Голос мне показался знакомым. Я начал всматриваться. Что-то знакомое. А-а, догадался. Так это он, голубчик! Егор, муж Федоры. Он, видимо, не узнал меня, хотя стоял неподалеку.
И громко, чтобы слышали все, задал вопрос:
— Много, дядя, у тебя ограбили?
— Пока нет, — сознался Егор, — а того гляди, охватят.
— Зачем же зря кричишь? Вот когда начнут, как ты говоришь, грабить, тогда ори так, чтобы в соседнем селе Тарханах было слышно.
Мужикам тихий мой, спокойный голос понравился. Они даже заулыбались, подталкивая друг друга.

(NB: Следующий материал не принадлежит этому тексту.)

Lemma sumR_ext n f g : (forall i, (i < n)%nat -> f i = g i) -> sumR n f = sumR n g.
Proof.
  induction n as [|n IH]; intros H; simpl; [reflexivity|].
  rewrite IH, H; auto with arith.
Qed.

Lemma sumR_nonneg n f : (forall i, (i < n)%nat -> 0 <= f i) -> 0 <= sumR n f.
Proof.
  induction n as [|n IH]; intros H; simpl; [lra|].
  assert (0 <= f n) by (apply H; lia).
  assert (0 <= sumR n f) by (apply IH; auto with arith).
  lra.
Qed.

Lemma sumR_term_le n f i :
  (forall j, (j < n)%nat -> 0 <= f j) -> (i < n)%nat -> f i <= sumR n f.
Proof.
  induction n as [|n IH]; intros H Hi; simpl; [lia|].
  assert (0 <= f n) by (apply H; lia).
  destruct (Nat.eq_dec i n) as [->|Hne].
  - assert (0 <= sumR n f) by (apply sumR_nonneg; auto with arith). lra.
  - assert (f i <= sumR n f) by (apply IH; [auto with arith | lia]). lra.
Qed.

Lemma dot_self_nonneg n x : 0 <= dot n x x.
Proof. apply sumR_nonneg; intros; apply Rle_0_sqr. Qed.

Lemma vnorm_sq n x : vnorm n x ^ 2 = dot n x x.
Proof. apply pow2_sqrt, dot_self_nonneg. Qed.

Lemma coord_sq_le_dot n x i : (i < n)%nat -> x i * x i <= dot n x x.
Proof. apply (sumR_term_le n (fun j => x j * x j)); intros; apply Rle_0_sqr. Qed.

Lemma coord_le_dist n x y i : (i < n)%nat -> Rabs (x i - y i) <= dist n x y.
Proof.
  intros Hi. rewrite <- sqrt_Rsqr_abs. apply sqrt_le_1_alt.
  exact (coord_sq_le_dot n (vsub x y) i Hi).
Qed.

Lemma dot_lin_comb n x g a b :
  dot n (fun i => a * x i + b * g i) (fun i => a * x i + b * g i) =
  a ^ 2 * dot n x x + 2 * a * b * dot n g x + b ^ 2 * dot n g g.
Proof. unfold dot; induction n as [|n IH]; simpl; [ring|]. rewrite IH; ring. Qed.
Lemma Un_cv_const c : Un_cv (fun _ => c) c.
Proof. intros e He. exists 0%nat. intros. unfold Rdist. rewrite Rminus_diag, Rabs_R0. lra. Qed.

Lemma Un_cv_ext a b l : (forall k, a k = b k) -> Un_cv a l -> Un_cv b l.
Proof.
  intros H Ha e He. destruct (Ha e He) as [N HN].
  exists N; intros k Hk; rewrite <- H; auto.
Qed.

Lemma Un_cv_exp a l : Un_cv a l -> Un_cv (fun k => exp (a k)) (exp l).
Proof. apply continuity_seq, derivable_continuous_pt, derivable_pt_exp. Qed.

Lemma Un_cv_sumR n (u : nat -> vec) l :
  (forall i, (i < n)%nat -> Un_cv (fun k => u k i) (l i)) ->
  Un_cv (fun k => sumR n (u k)) (sumR n l).
Proof.
  induction n as [|n IH]; intros H; simpl; [apply Un_cv_const|].
  apply CV_plus; [apply IH; auto with arith | apply H; lia].
Qed.

Lemma inv_INR_S_eventually_lt e :
  e > 0 -> exists N, forall k, (N <= k)%nat -> / INR (S k) < e.
Proof.
  intros He. destruct (archimed_cor1 e He) as [N [HN HN0]].
  exists N. intros k Hk. eapply Rle_lt_trans; [|exact HN].
  apply Rinv_le_contravar; [apply lt_0_INR; lia | apply le_INR; lia].
Qed.

Definition coord_cv (n : nat) (u : nat -> vec) (l : vec) : Prop :=
  forall i, (i < n)%nat -> Un_cv (fun k => u k i) (l i).

Definition dist_cv (n : nat) (u : nat -> vec) (l : vec) : Prop :=
  forall eps, eps > 0 -> exists N, forall k, (N <= k)%nat -> dist n (u k) l < eps.

Lemma coord_cv_of_dist_cv n u l : dist_cv n u l -> coord_cv n u l.
Proof.
  intros H i Hi e He. destruct (H e He) as [N HN]. exists N. intros k Hk.
  eapply Rle_lt_trans; [apply coord_le_dist, Hi | apply HN, Hk].
Qed.

Lemma dist_cv_of_coord_cv n u l : coord_cv n u l -> dist_cv n u l.
Proof.
  intros H e He.
  assert (Hsq : Un_cv (fun k => dot n (vsub (u k) l) (vsub (u k) l)) (sumR n (fun _ => 0))).
  { apply (Un_cv_sumR n (fun k i => (u k i - l i) * (u k i - l i))). intros i Hi.
    replace 0 with ((l i - l i) * (l i - l i)) by ring.
    apply CV_mult; apply CV_minus; try apply H; auto; apply Un_cv_const. }
  assert (Hzero : sumR n (fun _ => 0) = 0) by (clear; induction n as [|n IH]; simpl; lra).
  rewrite Hzero in Hsq.
  destruct (Hsq (e * e)) as [N HN]; [nra|].
  exists N. intros k Hk. specialize (HN k Hk). unfold Rdist in HN.
  rewrite Rminus_0_r, Rabs_right in HN by (apply Rle_ge, dot_self_nonneg).
  unfold dist, vnorm. rewrite <- (sqrt_square e) by lra.
  apply sqrt_lt_1_alt. split; [apply dot_self_nonneg | exact HN].
Qed.

Lemma coord_cv_unique n u a b :
  coord_cv n u a -> coord_cv n u b -> inR n a -> inR n b -> a = b.
Proof.
  intros Ha Hb Ia Ib. apply functional_extensionality. intros i.
  destruct (Nat.lt_ge_cases i n).
  - eapply UL_sequence; [apply Ha | apply Hb]; auto.
  - rewrite Ia, Ib; auto.
Qed.

Lemma Un_cv_dot n u w x y : coord_cv n u x -> coord_cv n w y ->
  Un_cv (fun k => dot n (u k) (w k)) (dot n x y).
Proof.
  intros Hu Hw. apply (Un_cv_sumR n (fun k i => u k i * w k i)).
  intros i Hi. apply CV_mult; auto.
Qed.

Definition strict_incr (sub : nat -> nat) : Prop := forall k, (sub k < sub (S k))%nat.

Lemma strict_incr_lt sub : strict_incr sub -> forall a b, (a < b)%nat -> (sub a < sub b)%nat.
Proof.
  intros H a b Hab. induction Hab as [|b Hab IH]; [apply H|].
  specialize (H b). lia.
Qed.

Lemma strict_incr_ge sub : strict_incr sub -> forall k, (k <= sub k)%nat.
Proof. intros H k. induction k as [|k IH]; [lia|]. specialize (H k). lia. Qed.

Lemma strict_incr_comp s1 s2 :
  strict_incr s1 -> strict_incr s2 -> strict_incr (fun k => s1 (s2 k)).
Proof. intros H1 H2 k. apply strict_incr_lt, H2. exact H1. Qed.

— Но пока у тебя, уважаемый Егор Петрович, хлебные излишки для голодающих Питера не изъяли, помалкивай в тряпочку. И не теряй времени попусту, а прячь хлеб подальше. Вон закопай его под старый жернов твоей мельницы и никто не найдет, и дождь не промочит.
Не только Егор, но и все, кто стоял рядом с ним, так и выпучили на меня глаза. Мне как раз этого и надо было.
— А если есть желание, — продолжал я, — вступай в бедноту, и тебя, Полосухин, с радостью изберут председателем комитета. Очень будет выгодно для твоего хозяйства. Ни к амбару, ни к мельнице никто не подойдет. А весь хлеб, который ты собираешь со своей земли и с трех десятин арендованной, останется у тебя. Там еще, возле моста, просо поднимается на двух десятинах тоже арендованной земли. Травой оно заросло не так уж сильно. Пять твоих поденщиц дня через два закончат прополку.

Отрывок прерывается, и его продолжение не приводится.